The reason for the higher sensitivity of AI detection compared to total-IgG detection in the patients reported here is unknown. Infections are often associated with severe blood-CSF barrier dysfunction; the presence of OCB may become undetectable in those cases because of a relative increase of the blood-derived polyclonal IgG fraction. In such cases OCBs may possibly become positive after normalization of barrier dysfunction. However, high CSF/serum albumin ratios were present only in a subset of our patients (see Figure1). Moreover, the higher sensitivity of antigen-specific OCBs compared to total-IgG OCBs detection as demonstrated in a number of studies [3‐5] argues in favour of additional, so far unidentified factors specific for total-IgG OCB detection rather than OCB detection in general.

Possibly, AIs might become positive earlier than total-IgG OCBs. If so, AI assessment might be particularly useful at disease onset. However, as OCBs remained negative in the few patients with follow-up LPs in our study, our study provides no direct evidence for this hypothesis.

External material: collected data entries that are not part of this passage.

(* Let $\mathcal{C}$ be a deflation-exact category and let $\mathcal{A}\subseteq\mathcal{C}$ be an admissibly deflation-percolating subcategory. Then $S_{\mathcal{A}}=S_{\mathcal{A}}\cap\mathrm{Adm}(\mathcal{C})$; in particular every weak isomorphism is admissible. Moreover, $S_{\mathcal{A}}$ is a right multiplicative system in $\mathcal{C}$ such that the commutative square in axiom RMS2 can always be chosen to be a pullback square; in particular, pullbacks along weak isomorphisms exist.
   Context: A conflation category is an additive category together with a class of kernel-cokernel pairs $A\xrightarrow{f}B\xrightarrow{g}C$ (i.e. $f=\ker g$ and $g=\operatorname{coker} f$), closed under isomorphisms, called conflations; the first morphism of a conflation is called an inflation ($\rightarrowtail$) and the second a deflation ($\twoheadrightarrow$). A deflation-exact category is a conflation category satisfying: (R0) $1_0$ is a deflation; (R1) the composition of two deflations is a deflation; (R2) the pullback of a deflation along any morphism exists and is a deflation. A morphism is admissible if it factors as a deflation followed by an inflation; $\mathrm{Adm}(\mathcal{C})$ is the set of admissible morphisms. A non-empty full subcategory $\mathcal{A}$ of a conflation category $\mathcal{C}$ is admissibly deflation-percolating if: (A1) for every conflation $A'\rightarrowtail A\twoheadrightarrow A''$ in $\mathcal{C}$, $A\in\mathcal{A}$ iff $A',A''\in\mathcal{A}$; (A2) every morphism $C\to A$ with $A\in\mathcal{A}$ factors as a deflation $C\twoheadrightarrow A'$ followed by an inflation $A'\rightarrowtail A$ with $A'\in\mathcal{A}$; (A3) if $a\colon C\rightarrowtail D$ is an inflation and $b\colon C\twoheadrightarrow A$ is a deflation with $A\in\mathcal{A}$, then the pushout of $a$ along $b$ exists and in the pushout square the map $D\to P$ is a deflation and $A\to P$ is an inflation. An $\mathcal{A}^{-1}$-inflation is an inflation whose cokernel lies in $\mathcal{A}$; an $\mathcal{A}^{-1}$-deflation is a deflation whose kernel lies in $\mathcal{A}$. The set $S_{\mathcal{A}}$ of weak isomorphisms consists of all finite composites of $\mathcal{A}^{-1}$-inflations and $\mathcal{A}^{-1}$-deflations. A set $S$ of morphisms is a right multiplicative system if: (RMS1) identities are in $S$ and $S$ is closed under composition; (RMS2) for every $f\colon Z\to W$ and $s\colon Y\to W$ with $s\in S$ there exist $t\colon X\to Z$ in $S$ and $g\colon X\to Y$ with $fg'$... precisely $f t = s g$; (RMS3) if $f,g\colon X\to Y$ and $s\in S$ with source $Y$ satisfy $sf=sg$, then there is $t\in S$ with target $X$ such that $ft=gt$. *)

From HB Require Import structures.
From mathcomp Require Import all_boot ssralg.
Set Implicit Arguments. Unset Strict Implicit. Unset Printing Implicit Defensive.
Import GRing.Theory.
Local Open Scope ring_scope.

Record AddCat := {
  Ob :> Type;
  Mor : Ob -> Ob -> zmodType;
  idm : forall X, Mor X X;
  comp : forall X Y Z, Mor Y Z -> Mor X Y -> Mor X Z;
  comp_assoc : forall X Y Z W (h : Mor Z W) (g : Mor Y Z) (f : Mor X Y),
      comp h (comp g f) = comp (comp h g) f;
  comp_id_l : forall X Y (f : Mor X Y), comp (idm Y) f = f;
  comp_id_r : forall X Y (f : Mor X Y), comp f (idm X) = f;
  comp_addl : forall X Y Z (g1 g2 : Mor Y Z) (f : Mor X Y),
      comp (g1 + g2) f = comp g1 f + comp g2 f;
  comp_addr : forall X Y Z (g : Mor Y Z) (f1 f2 : Mor X Y),
      comp g (f1 + f2) = comp g f1 + comp g f2;
  zero_ob : Ob;
  zero_ob_init : forall X (f : Mor zero_ob X), f = 0;
  zero_ob_term : forall X (f : Mor X zero_ob), f = 0;
  biproduct : forall X Y, exists P (i1 : Mor X P) (i2 : Mor Y P)
      (p1 : Mor P X) (p2 : Mor P Y),
      [/\ comp p1 i1 = idm X, comp p2 i2 = idm Y, comp p1 i2 = 0,
          comp p2 i1 = 0 & comp i1 p1 + comp i2 p2 = idm P]
}.

Arguments Mor {_}.
Arguments idm {_}.
Arguments comp {_ _ _ _}.
Arguments zero_ob {_}.

Section Basic.
Variable C : AddCat.

Definition is_iso (X Y : C) (f : Mor X Y) : Prop :=
  exists g : Mor Y X, comp g f = idm X /\ comp f g = idm Y.

Definition is_kernel (A B D : C) (f : Mor A B) (g : Mor B D) : Prop :=
  comp g f = 0 /\
  forall T (h : Mor T B), comp g h = 0 ->
    exists u : Mor T A, comp f u = h /\ forall u' : Mor T A, comp f u' = h -> u' = u.

Definition is_cokernel (A B D : C) (f : Mor A B) (g : Mor B D) : Prop :=
  comp g f = 0 /\
  forall T (h : Mor B T), comp h f = 0 ->
    exists u : Mor D T, comp u g = h /\ forall u' : Mor D T, comp u' g = h -> u' = u.

Definition is_kernel_cokernel_pair (A B D : C) (f : Mor A B) (g : Mor B D) : Prop :=
  is_kernel f g /\ is_cokernel f g.

Definition is_pullback (P Y Z W : C) (f : Mor Z W) (s : Mor Y W)
    (t : Mor P Z) (g : Mor P Y) : Prop :=
  comp f t = comp s g /\
  forall Q (t' : Mor Q Z) (g' : Mor Q Y), comp f t' = comp s g' ->
    exists u : Mor Q P, (comp t u = t' /\ comp g u = g') /\
      forall u' : Mor Q P, comp t u' = t' -> comp g u' = g' -> u' = u.

Definition is_pushout (X D A P : C) (a : Mor X D) (b : Mor X A)
    (a' : Mor D P) (b' : Mor A P) : Prop :=
  comp a' a = comp b' b /\
  forall Q (a'' : Mor D Q) (b'' : Mor A Q), comp a'' a = comp b'' b ->
    exists u : Mor P Q, (comp u a' = a'' /\ comp u b' = b'') /\
      forall u' : Mor P Q, comp u' a' = a'' -> comp u' b' = b'' -> u' = u.

End Basic.

Record ConflCat := {
  cc_cat :> AddCat;
  confl : forall A B D : cc_cat, Mor A B -> Mor B D -> Prop;
  confl_kc : forall A B D (f : Mor A B) (g : Mor B D),
      confl f g -> is_kernel_cokernel_pair f g;
  confl_iso : forall A B D A' B' D' (f : Mor A B) (g : Mor B D)
      (f' : Mor A' B') (g' : Mor B' D') (a : Mor A A') (b : Mor B B') (c : Mor D D'),
      confl f g -> is_iso a -> is_iso b -> is_iso c ->
      comp b f = comp f' a -> comp c g = comp g' b -> confl f' g'
}.

Arguments confl {_ _ _ _}.

Section Conflations.
Variable C : ConflCat.

Definition inflation (A B : C) (f : Mor A B) : Prop :=
  exists D (g : Mor B D), confl f g.

Definition deflation (B D : C) (g : Mor B D) : Prop :=
  exists A (f : Mor A B), confl f g.

Definition admissible (X Y : C) (m : Mor X Y) : Prop :=
  exists M (d : Mor X M) (i : Mor M Y), deflation d /\ inflation i /\ m = comp i d.

Definition deflation_exact : Prop :=
  [/\ deflation (idm (@zero_ob C)),
      (forall X Y Z (g : Mor Y Z) (f : Mor X Y),
          deflation f -> deflation g -> deflation (comp g f))
    & (forall B D D' (g : Mor B D) (h : Mor D' D), deflation g ->
          exists P (p : Mor P D') (q : Mor P B),
            is_pullback h g p q /\ deflation p)].

(* A full subcategory is given by a predicate on objects. *)
Definition adm_deflation_percolating (SA : C -> Prop) : Prop :=
  [/\ (exists X, SA X),
      (forall A' A A'' (f : Mor A' A) (g : Mor A A''), confl f g ->
          (SA A <-> SA A' /\ SA A'')),
      (forall X A (m : Mor X A), SA A ->
          exists A' (d : Mor X A') (i : Mor A' A),
            [/\ SA A', deflation d, inflation i & m = comp i d])
    &
      (forall X D A (a : Mor X D) (b : Mor X A), inflation a -> deflation b -> SA A ->
          exists P (a' : Mor D P) (b' : Mor A P),
            [/\ is_pushout a b a' b', deflation a' & inflation b'])].

Definition A_inflation (SA : C -> Prop) (X Y : C) (f : Mor X Y) : Prop :=
  exists D (g : Mor Y D), confl f g /\ SA D.

Definition A_deflation (SA : C -> Prop) (X Y : C) (g : Mor X Y) : Prop :=
  exists K (f : Mor K X), confl f g /\ SA K.

Inductive weak_iso (SA : C -> Prop) : forall X Y : C, Mor X Y -> Prop :=
  | wi_infl : forall X Y (f : Mor X Y), A_inflation SA f -> weak_iso SA f
  | wi_defl : forall X Y (f : Mor X Y), A_deflation SA f -> weak_iso SA f
  | wi_comp : forall X Y Z (g : Mor Y Z) (f : Mor X Y),
      weak_iso SA f -> weak_iso SA g -> weak_iso SA (comp g f).

Definition right_mult_system_pullback (S : forall X Y : C, Mor X Y -> Prop) : Prop :=
  [/\ (forall X, S X X (idm X)),
      (forall X Y Z (g : Mor Y Z) (f : Mor X Y), S _ _ f -> S _ _ g -> S _ _ (comp g f)),
      (forall Z W Y (f : Mor Z W) (s : Mor Y W), S _ _ s ->
          exists X (t : Mor X Z) (g : Mor X Y),
            [/\ S _ _ t, comp f t = comp s g & is_pullback f s t g])
    & (forall X Y V (f g : Mor X Y) (s : Mor Y V), S _ _ s -> comp s f = comp s g ->
          exists X' (t : Mor X' X), S _ _ t /\ comp f t = comp g t)].

End Conflations.

(** Every weak isomorphism factors as an A^{-1}-deflation followed by an
   A^{-1}-inflation: both classes contain the identities and are closed under
   composition, and an A^{-1}-inflation followed by an A^{-1}-deflation can be
   rewritten as an A^{-1}-deflation followed by an A^{-1}-inflation using the
   pushout of (A3).  Admissibility is then immediate.  For (RMS2), an
   A^{-1}-deflation pulls back to an A^{-1}-deflation by (R2), an
   A^{-1}-inflation [i] with cokernel [c] pulls back along [f] to the kernel of
   the deflation part of the (A2)-factorisation of [c f], and pullback squares
   paste.  For (RMS3), if [i d f = i d g] then [f - g] factors through the
   kernel of [d], an object of A; the kernel of the deflation part of the
   (A2)-factorisation of that map is an A^{-1}-inflation equalising [f] and [g]. *)
From mathcomp Require Import all_boot ssralg.
Set Implicit Arguments. Unset Strict Implicit. Unset Printing Implicit Defensive.
Import GRing.Theory.
Local Open Scope ring_scope.

Section AdditiveCategory.
Variable C : AddCat.

Lemma comp0l (X Y Z : C) (f : Mor X Y) : comp (0 : Mor Y Z) f = 0.
Proof. by apply: (addIr (comp (0 : Mor Y Z) f)); rewrite -comp_addl !add0r. Qed.

Lemma comp0r (X Y Z : C) (g : Mor Y Z) : comp g (0 : Mor X Y) = 0.
Proof. by apply: (addIr (comp g (0 : Mor X Y))); rewrite -comp_addr !add0r. Qed.

Lemma compBl (X Y Z : C) (g1 g2 : Mor Y Z) (f : Mor X Y) :
  comp (g1 - g2) f = comp g1 f - comp g2 f.
Proof. by apply: (addIr (comp g2 f)); rewrite -comp_addl !subrK. Qed.

Lemma compBr (X Y Z : C) (g : Mor Y Z) (f1 f2 : Mor X Y) :
  comp g (f1 - f2) = comp g f1 - comp g f2.
Proof. by apply: (addIr (comp g f2)); rewrite -comp_addr !subrK. Qed.

Definition mono (A B : C) (f : Mor A B) :=
  forall T (x y : Mor T A), comp f x = comp f y -> x = y.

Definition epi (A B : C) (f : Mor A B) :=
  forall T (x y : Mor B T), comp x f = comp y f -> x = y.

Lemma mono_from_eq0 (A B : C) (f : Mor A B) :
  (forall T (x : Mor T A), comp f x = 0 -> x = 0) -> mono f.
Proof.
move=> f0 T x y E; apply/eqP; rewrite -subr_eq0; apply/eqP/f0.
by rewrite compBr E subrr.
Qed.

Lemma mono_eq0 (A B T : C) (f : Mor A B) (x : Mor T A) : mono f -> comp f x = 0 -> x = 0.
Proof. by move=> Mf E; apply: Mf; rewrite E comp0r. Qed.

Lemma mono_comp (A B D : C) (f : Mor A B) (g : Mor B D) :
  mono f -> mono g -> mono (comp g f).
Proof. by move=> Mf Mg T x y; rewrite -!comp_assoc => /Mg /Mf. Qed.

Lemma epi_comp (A B D : C) (f : Mor A B) (g : Mor B D) :
  epi f -> epi g -> epi (comp g f).
Proof. by move=> Ef Eg T x y; rewrite !comp_assoc => /Ef /Eg. Qed.

Lemma epi_of_comp (A B D : C) (f : Mor A B) (g : Mor B D) : epi (comp g f) -> epi g.
Proof. by move=> Egf T x y E; apply: Egf; rewrite !comp_assoc E. Qed.

Lemma iso_id (X : C) : is_iso (idm X).
Proof. by exists (idm X); rewrite comp_id_l. Qed.

Lemma kernel_mono (A B D : C) (f : Mor A B) (g : Mor B D) : is_kernel f g -> mono f.
Proof.
case=> gf0 univ T x y E.
have gfy0 : comp g (comp f y) = 0 by rewrite comp_assoc gf0 comp0l.
have [u [_ u_uniq]] := univ T _ gfy0.
by rewrite (u_uniq x E) (u_uniq y erefl).
Qed.

Lemma cokernel_epi (A B D : C) (f : Mor A B) (g : Mor B D) : is_cokernel f g -> epi g.
Proof.
case=> gf0 univ T x y E.
have ygf0 : comp (comp y g) f = 0 by rewrite -comp_assoc gf0 comp0r.
have [u [_ u_uniq]] := univ T _ ygf0.
by rewrite (u_uniq x E) (u_uniq y erefl).
Qed.

Lemma kernel_lift (A B D T : C) (f : Mor A B) (g : Mor B D) (h : Mor T B) :
  is_kernel f g -> comp g h = 0 -> exists u, comp f u = h.
Proof. by case=> _ univ /univ [u [? _]]; exists u. Qed.

Lemma cokernel_desc (A B D T : C) (f : Mor A B) (g : Mor B D) (h : Mor B T) :
  is_cokernel f g -> comp h f = 0 -> exists u, comp u g = h.
Proof. by case=> _ univ /univ [u [? _]]; exists u. Qed.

There are some caveats. First, as it is the case with IgG responses in general, there might be a delay in AIs becoming positive as indicated by case 1 in Table1; this patients became positive for HSV only at lumbar punctures (LP) #2 and LP #3. However, similar problems apply to HSV PCR, which is sometimes negative at first LP and becomes positive only with time. Therefore, repeat LP is recommended if the initial LP is negative. Second, an expansion of the polyspecific, intrathecal immune response in MS over time has been described [10]. Accordingly, repeat LP might possibly be useful also in individual patients with suspected MS but missing MRZR reaction at first LP. Third, cross-reactivity between VZV and HSV is a well-known phenomenon. However, the true-positive AI generally yields higher values, which usually allows identifying the relevant agent (see patient 1, LP #3). It is therefore recommended to test always for both VZV-AI and HSV-AI. Third, the 21 cases presented here were collected over a period of 9 years, suggesting that the phenomenon is relatively rare; however, it is potentially of high relevance for the individual patient.

In summary, the cases reported here indicate that AI testing should not generally be omitted in total-IgG OCB-negative patients and provides a rationale for systematic and prospective studies on the comparative sensitivity and specificity of AI and total-IgG OCB testing in infectious diseases of the CNS as well as in other indications.